PROVIDED RECORDS section start
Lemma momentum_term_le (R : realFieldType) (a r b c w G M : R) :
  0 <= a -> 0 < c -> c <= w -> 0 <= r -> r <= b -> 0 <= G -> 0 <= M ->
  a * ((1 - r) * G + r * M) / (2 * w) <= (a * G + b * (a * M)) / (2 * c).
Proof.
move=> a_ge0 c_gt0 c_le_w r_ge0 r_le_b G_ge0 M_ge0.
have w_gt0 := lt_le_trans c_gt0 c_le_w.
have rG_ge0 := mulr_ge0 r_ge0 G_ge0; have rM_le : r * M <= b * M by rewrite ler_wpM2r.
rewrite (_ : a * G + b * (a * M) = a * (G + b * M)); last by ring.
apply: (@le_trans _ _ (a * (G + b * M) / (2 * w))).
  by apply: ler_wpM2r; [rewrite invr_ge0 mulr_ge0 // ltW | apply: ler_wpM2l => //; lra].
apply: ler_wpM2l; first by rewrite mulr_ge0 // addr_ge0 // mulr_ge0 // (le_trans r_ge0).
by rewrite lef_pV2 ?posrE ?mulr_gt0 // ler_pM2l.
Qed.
PROVIDED RECORDS section end
PROVIDED RECORDS section start
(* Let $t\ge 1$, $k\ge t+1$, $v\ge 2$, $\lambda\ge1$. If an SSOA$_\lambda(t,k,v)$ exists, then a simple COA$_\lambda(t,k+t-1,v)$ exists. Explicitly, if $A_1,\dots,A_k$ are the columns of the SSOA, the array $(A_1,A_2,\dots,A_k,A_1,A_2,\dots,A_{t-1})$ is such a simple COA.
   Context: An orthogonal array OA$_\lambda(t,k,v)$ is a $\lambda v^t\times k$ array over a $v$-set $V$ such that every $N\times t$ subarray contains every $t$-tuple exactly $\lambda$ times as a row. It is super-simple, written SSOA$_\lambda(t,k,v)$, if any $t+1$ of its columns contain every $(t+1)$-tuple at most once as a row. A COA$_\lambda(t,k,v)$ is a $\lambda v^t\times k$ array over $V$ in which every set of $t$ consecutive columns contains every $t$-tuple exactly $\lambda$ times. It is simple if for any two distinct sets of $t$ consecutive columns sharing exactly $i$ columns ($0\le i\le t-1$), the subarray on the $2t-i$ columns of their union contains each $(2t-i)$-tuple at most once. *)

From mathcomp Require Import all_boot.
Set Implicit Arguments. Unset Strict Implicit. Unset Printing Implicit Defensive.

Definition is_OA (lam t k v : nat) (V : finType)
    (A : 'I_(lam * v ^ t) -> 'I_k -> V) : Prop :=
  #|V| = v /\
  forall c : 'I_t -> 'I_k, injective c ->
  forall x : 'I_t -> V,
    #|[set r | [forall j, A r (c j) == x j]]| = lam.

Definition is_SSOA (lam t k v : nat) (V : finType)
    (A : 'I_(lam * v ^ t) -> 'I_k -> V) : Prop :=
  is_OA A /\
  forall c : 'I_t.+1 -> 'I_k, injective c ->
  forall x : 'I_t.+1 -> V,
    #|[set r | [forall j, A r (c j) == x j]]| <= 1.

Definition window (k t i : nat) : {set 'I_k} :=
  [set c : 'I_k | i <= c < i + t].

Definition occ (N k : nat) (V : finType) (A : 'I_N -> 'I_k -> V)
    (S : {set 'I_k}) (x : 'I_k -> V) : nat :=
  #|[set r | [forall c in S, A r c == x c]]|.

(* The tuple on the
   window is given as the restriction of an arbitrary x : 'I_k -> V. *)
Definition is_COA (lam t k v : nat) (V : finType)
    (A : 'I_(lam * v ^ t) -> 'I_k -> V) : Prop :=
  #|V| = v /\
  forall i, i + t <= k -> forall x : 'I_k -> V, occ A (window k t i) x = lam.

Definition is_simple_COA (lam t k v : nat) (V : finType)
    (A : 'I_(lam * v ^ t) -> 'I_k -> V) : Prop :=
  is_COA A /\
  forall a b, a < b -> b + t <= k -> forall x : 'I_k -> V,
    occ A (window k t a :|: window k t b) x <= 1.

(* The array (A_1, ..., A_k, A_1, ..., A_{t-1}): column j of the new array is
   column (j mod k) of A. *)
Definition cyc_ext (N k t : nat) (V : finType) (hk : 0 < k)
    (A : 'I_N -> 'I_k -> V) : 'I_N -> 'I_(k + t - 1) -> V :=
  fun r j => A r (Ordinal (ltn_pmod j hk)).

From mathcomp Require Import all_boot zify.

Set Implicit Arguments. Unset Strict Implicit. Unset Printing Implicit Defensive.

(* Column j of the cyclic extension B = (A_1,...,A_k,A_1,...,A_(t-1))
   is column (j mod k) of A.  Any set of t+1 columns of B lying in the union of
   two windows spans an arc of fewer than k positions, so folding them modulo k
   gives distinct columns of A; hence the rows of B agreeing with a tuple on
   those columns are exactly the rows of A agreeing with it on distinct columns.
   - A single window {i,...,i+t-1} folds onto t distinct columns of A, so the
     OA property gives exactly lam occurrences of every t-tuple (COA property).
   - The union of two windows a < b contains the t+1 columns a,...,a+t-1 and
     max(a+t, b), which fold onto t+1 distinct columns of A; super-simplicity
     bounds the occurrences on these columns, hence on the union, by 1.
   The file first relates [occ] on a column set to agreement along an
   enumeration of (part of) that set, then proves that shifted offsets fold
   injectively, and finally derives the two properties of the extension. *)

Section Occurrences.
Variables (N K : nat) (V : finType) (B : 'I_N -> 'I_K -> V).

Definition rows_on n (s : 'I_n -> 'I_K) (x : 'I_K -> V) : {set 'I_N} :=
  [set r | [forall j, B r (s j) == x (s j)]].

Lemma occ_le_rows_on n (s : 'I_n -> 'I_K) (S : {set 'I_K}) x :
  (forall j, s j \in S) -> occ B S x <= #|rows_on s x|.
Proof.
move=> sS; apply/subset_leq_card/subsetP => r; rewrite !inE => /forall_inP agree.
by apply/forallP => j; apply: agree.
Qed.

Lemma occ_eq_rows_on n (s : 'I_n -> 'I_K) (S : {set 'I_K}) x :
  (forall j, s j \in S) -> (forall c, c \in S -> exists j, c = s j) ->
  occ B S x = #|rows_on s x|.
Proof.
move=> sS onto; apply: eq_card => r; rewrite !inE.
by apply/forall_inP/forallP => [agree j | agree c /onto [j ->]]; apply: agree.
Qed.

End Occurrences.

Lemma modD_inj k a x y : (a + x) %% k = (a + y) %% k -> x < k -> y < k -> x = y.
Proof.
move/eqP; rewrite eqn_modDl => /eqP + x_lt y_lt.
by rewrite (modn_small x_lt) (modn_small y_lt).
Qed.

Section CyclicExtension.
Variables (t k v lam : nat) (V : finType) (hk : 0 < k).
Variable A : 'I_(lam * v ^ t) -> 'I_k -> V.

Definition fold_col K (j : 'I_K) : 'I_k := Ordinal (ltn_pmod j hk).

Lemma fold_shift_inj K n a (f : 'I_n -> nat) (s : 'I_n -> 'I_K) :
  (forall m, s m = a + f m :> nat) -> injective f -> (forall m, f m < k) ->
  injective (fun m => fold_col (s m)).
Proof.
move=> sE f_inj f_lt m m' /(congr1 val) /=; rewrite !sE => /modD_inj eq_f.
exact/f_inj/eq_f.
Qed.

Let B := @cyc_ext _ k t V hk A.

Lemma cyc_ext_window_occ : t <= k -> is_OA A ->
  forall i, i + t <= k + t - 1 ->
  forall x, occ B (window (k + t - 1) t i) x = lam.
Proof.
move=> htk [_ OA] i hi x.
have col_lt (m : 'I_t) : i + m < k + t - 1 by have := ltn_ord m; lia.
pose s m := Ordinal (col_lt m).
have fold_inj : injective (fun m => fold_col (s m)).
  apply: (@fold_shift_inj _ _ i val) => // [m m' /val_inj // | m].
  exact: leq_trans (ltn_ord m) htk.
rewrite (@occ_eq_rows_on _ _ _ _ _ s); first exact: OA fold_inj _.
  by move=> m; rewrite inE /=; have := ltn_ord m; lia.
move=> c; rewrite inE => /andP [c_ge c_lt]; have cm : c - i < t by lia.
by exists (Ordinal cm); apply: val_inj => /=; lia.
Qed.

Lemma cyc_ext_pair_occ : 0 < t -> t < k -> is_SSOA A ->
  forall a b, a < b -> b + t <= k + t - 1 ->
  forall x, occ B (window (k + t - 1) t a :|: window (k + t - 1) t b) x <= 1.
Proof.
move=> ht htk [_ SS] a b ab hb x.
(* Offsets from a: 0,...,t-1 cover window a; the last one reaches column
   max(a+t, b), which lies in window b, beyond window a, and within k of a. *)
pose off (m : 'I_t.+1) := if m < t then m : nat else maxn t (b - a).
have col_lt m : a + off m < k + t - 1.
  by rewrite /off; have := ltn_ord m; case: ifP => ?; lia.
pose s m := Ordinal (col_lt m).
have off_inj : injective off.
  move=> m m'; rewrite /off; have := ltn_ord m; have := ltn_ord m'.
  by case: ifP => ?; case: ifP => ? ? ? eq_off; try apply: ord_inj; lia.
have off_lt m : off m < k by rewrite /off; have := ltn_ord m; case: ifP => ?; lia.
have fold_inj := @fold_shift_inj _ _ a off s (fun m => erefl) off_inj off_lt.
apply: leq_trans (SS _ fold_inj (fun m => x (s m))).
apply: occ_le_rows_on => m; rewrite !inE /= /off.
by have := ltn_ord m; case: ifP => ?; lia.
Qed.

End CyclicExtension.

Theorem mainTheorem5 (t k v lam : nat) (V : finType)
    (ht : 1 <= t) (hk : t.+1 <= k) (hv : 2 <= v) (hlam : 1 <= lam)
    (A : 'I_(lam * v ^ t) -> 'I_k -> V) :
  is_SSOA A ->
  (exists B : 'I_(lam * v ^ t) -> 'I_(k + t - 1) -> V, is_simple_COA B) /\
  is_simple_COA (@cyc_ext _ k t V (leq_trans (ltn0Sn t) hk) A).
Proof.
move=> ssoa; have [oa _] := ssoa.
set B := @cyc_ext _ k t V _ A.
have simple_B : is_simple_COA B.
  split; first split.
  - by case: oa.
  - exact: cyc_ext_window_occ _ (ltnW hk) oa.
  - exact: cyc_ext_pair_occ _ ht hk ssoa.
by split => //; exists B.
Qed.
PROVIDED RECORDS section end
PROVIDED RECORDS section start
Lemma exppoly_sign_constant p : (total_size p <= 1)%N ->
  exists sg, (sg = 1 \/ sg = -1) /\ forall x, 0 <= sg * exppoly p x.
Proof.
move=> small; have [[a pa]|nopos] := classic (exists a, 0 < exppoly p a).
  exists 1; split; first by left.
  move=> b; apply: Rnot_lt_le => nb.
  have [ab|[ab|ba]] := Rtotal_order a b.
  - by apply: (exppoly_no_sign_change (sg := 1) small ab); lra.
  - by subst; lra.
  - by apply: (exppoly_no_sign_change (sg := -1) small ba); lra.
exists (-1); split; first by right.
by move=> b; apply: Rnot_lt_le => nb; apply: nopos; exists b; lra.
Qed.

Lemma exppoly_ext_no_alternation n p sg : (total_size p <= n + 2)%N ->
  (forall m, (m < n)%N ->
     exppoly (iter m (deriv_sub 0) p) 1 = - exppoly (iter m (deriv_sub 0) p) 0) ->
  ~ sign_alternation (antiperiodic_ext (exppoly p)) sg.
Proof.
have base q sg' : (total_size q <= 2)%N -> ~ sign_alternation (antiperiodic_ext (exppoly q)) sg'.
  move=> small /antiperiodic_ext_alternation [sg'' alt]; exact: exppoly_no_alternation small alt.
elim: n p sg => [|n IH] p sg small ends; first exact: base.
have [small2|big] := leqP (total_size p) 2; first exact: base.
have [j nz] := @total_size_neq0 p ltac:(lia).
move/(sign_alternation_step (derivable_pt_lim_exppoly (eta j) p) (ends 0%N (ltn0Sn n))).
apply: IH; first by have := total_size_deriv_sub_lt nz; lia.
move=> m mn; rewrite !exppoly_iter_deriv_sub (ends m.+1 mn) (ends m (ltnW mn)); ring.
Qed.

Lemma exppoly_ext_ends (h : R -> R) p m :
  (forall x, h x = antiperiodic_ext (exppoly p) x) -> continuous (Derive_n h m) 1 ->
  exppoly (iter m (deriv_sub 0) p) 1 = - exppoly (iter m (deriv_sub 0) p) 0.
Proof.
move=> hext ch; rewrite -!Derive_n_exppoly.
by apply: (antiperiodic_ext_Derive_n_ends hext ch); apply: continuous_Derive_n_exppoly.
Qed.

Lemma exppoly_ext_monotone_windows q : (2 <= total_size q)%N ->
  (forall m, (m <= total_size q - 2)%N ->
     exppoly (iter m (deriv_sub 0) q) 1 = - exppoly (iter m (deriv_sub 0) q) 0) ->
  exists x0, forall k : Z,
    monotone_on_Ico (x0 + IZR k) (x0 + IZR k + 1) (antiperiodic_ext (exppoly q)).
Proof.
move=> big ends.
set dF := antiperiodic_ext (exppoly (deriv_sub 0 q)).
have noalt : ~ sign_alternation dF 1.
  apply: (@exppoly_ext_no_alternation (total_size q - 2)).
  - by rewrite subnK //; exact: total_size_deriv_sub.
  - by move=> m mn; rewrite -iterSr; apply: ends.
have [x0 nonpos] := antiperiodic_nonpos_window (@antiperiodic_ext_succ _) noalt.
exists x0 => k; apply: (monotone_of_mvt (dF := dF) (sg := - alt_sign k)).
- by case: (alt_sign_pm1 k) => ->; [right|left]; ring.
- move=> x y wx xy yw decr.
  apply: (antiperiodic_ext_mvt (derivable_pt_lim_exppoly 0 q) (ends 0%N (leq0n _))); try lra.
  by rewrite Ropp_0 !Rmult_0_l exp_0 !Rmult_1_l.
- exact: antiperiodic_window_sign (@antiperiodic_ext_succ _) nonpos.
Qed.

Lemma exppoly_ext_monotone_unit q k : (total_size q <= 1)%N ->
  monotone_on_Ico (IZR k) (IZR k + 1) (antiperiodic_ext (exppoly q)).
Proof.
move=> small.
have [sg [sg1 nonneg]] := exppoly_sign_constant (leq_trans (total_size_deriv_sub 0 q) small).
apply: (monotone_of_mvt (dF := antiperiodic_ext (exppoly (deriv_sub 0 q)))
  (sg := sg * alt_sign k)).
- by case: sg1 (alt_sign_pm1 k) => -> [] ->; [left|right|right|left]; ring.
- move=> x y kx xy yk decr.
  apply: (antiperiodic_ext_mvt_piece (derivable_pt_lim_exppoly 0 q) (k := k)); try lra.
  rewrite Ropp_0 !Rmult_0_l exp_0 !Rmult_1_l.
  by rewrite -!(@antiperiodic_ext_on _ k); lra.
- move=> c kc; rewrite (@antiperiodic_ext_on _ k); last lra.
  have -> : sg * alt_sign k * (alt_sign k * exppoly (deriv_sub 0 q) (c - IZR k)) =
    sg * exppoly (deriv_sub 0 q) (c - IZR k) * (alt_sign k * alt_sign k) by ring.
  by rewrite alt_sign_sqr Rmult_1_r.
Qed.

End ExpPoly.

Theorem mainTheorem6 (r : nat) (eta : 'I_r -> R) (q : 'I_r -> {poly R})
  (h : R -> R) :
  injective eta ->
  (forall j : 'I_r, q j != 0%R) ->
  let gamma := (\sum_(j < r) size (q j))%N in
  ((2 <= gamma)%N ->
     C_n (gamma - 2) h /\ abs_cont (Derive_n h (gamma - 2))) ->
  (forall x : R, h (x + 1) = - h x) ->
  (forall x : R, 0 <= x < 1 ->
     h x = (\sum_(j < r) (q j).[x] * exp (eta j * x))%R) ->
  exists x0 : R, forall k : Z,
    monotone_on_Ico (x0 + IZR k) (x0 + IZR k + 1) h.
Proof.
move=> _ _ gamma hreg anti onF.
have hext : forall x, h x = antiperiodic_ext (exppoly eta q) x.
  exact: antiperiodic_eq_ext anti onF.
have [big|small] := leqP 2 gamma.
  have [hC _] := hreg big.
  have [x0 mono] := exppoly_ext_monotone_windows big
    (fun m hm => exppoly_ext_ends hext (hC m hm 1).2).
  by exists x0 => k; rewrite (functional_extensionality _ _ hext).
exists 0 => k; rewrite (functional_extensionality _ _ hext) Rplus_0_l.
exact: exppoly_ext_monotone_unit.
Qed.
PROVIDED RECORDS section end
◆ **ASSIGNMENT**
Among the entries above, count every line containing the string "Require". Your reply must be that number alone.

◆ **WRITTEN RESPONSE**
2